- _Data to process_
BEGIN
Lemma cmodX x k : cmod (x ^+ k) = cmod x ^+ k.
Proof.
elim: k => [|k IHk]; first by rewrite !expr0 /cmod Normc.normc1.
by rewrite !exprS cmodM IHk.
Qed.

Lemma cmodD x y : cmod (x + y) <= cmod x + cmod y.
Proof. exact: le_normcD. Qed.

Lemma cmodN x : cmod (- x) = cmod x.
Proof. exact: normcN. Qed.

Lemma cmodB x y : cmod (x - y) <= cmod x + cmod y.
Proof. by rewrite -(cmodN y) cmodD. Qed.

Lemma cmod_gt0 x : x != 0 -> (0 : R) < cmod x.
Proof.
move=> x_neq0; rewrite lt_neqAle cmod_ge0 andbT eq_sym.
by apply: contra_neq x_neq0 => /Normc.eq0_normc.
Qed.

Lemma cmod_sum (I : finType) (P : pred I) (F : I -> R[i]) :
  cmod (\sum_(k | P k) F k) <= \sum_(k | P k) cmod (F k).
Proof.
elim/big_ind2: _ => [|x1 x2 y1 y2 le1 le2|//]; first by rewrite cmod0.
exact: le_trans (cmodD _ _) (lerD le1 le2).
Qed.

Lemma cconv_cmod_le (u : nat -> R[i]) l x B N : cconv u l ->
  (forall n, (N <= n)%N -> cmod (u n - x) <= B) -> cmod (l - x) <= B.
Proof.
move=> ul uB; rewrite -subr_le0; apply: (cvgr_to_ge ul); near=> n.
have unB : cmod (u n - x) <= B by apply: uB; near: n; exists N.
have -> : l - x = (u n - x) - (u n - l) by ring.
by have := cmodB (u n - x) (u n - l); lra.
Unshelve. all: by end_near. Qed.
End ComplexModulus.

Section NearZero.
Variable R : realType.

Lemma near0_mul_powR_le (C D e : R) : 0 < e -> 0 < D ->
  \forall x \near 0^'+, forall s, 0 <= s <= x -> C * s `^ e <= D.
Proof.
move=> e_gt0 D_gt0; set c := D / (`|C| + 1).
have c_gt0 : 0 < c by rewrite divr_gt0 // ltr_wpDl.
near=> x => s /andP [s_ge0 s_le].
have se_le : s `^ e <= c.
  have -> : c = (c `^ e^-1) `^ e by rewrite -powRrM mulVf ?gt_eqF // powRr1 // ltW.
  apply: ge0_ler_powR; rewrite ?nnegrE ?powR_ge0 //; first exact: ltW.
  apply: le_trans s_le _.
  by near: x; apply: nbhs_right_le; exact: powR_gt0.
apply: le_trans (ler_norm _) _; rewrite normrM (ger0_norm (powR_ge0 _ _)).
have : (`|C| + 1) * s `^ e <= D by rewrite -ler_pdivlMl ?ltr_wpDl // mulrC.
by have := powR_ge0 s e; nra.
Unshelve. all: by end_near. Qed.

Lemma near0_mul_le (C D : R) : 0 < D ->
  \forall x \near 0^'+, forall s, 0 <= s <= x -> C * s <= D.
Proof.
move=> D_gt0; apply: filterS (near0_mul_powR_le C ltr01 D_gt0) => x Cx s s_in.
by have [s_ge0 _] := andP s_in; rewrite -(powRr1 s_ge0) Cx.
Qed.

Lemma near0_exists (P : R -> Prop) (eps : R) : 0 < eps ->
  (\forall x \near 0^'+, P x) -> exists x, [/\ 0 < x, x < eps & P x].
Proof.
move=> eps_gt0 P_near.
suff : \forall x \near 0^'+, [/\ 0 < x, x < eps & P x] by exact: filter_ex.
near=> x; split; near: x; [exact: nbhs_right_gt | exact: nbhs_right_lt | exact: P_near].
Unshelve. all: by end_near. Qed.

End NearZero.

Section NewtonPolygon.
Variables (R : realType) (b : nat -> nat -> R[i]).

Lemma newton_polygon_support i j : b i j != 0 -> newton_polygon b (i%:R, j%:R).
Proof.
move=> bij; exists 1%N, (fun=> 1), (fun=> (i%:R, j%:R)).
by rewrite !big_ord1 !mul1r; split=> //; split=> //; split=> // _; exists i, j.
Qed.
END
- _Directions for this task_
Show each line from the material above where the string "cmodN" can be found.

- _Response box_
Lemma cmodN x : cmod (- x) = cmod x.
Proof. by rewrite -(cmodN y) cmodD. Qed.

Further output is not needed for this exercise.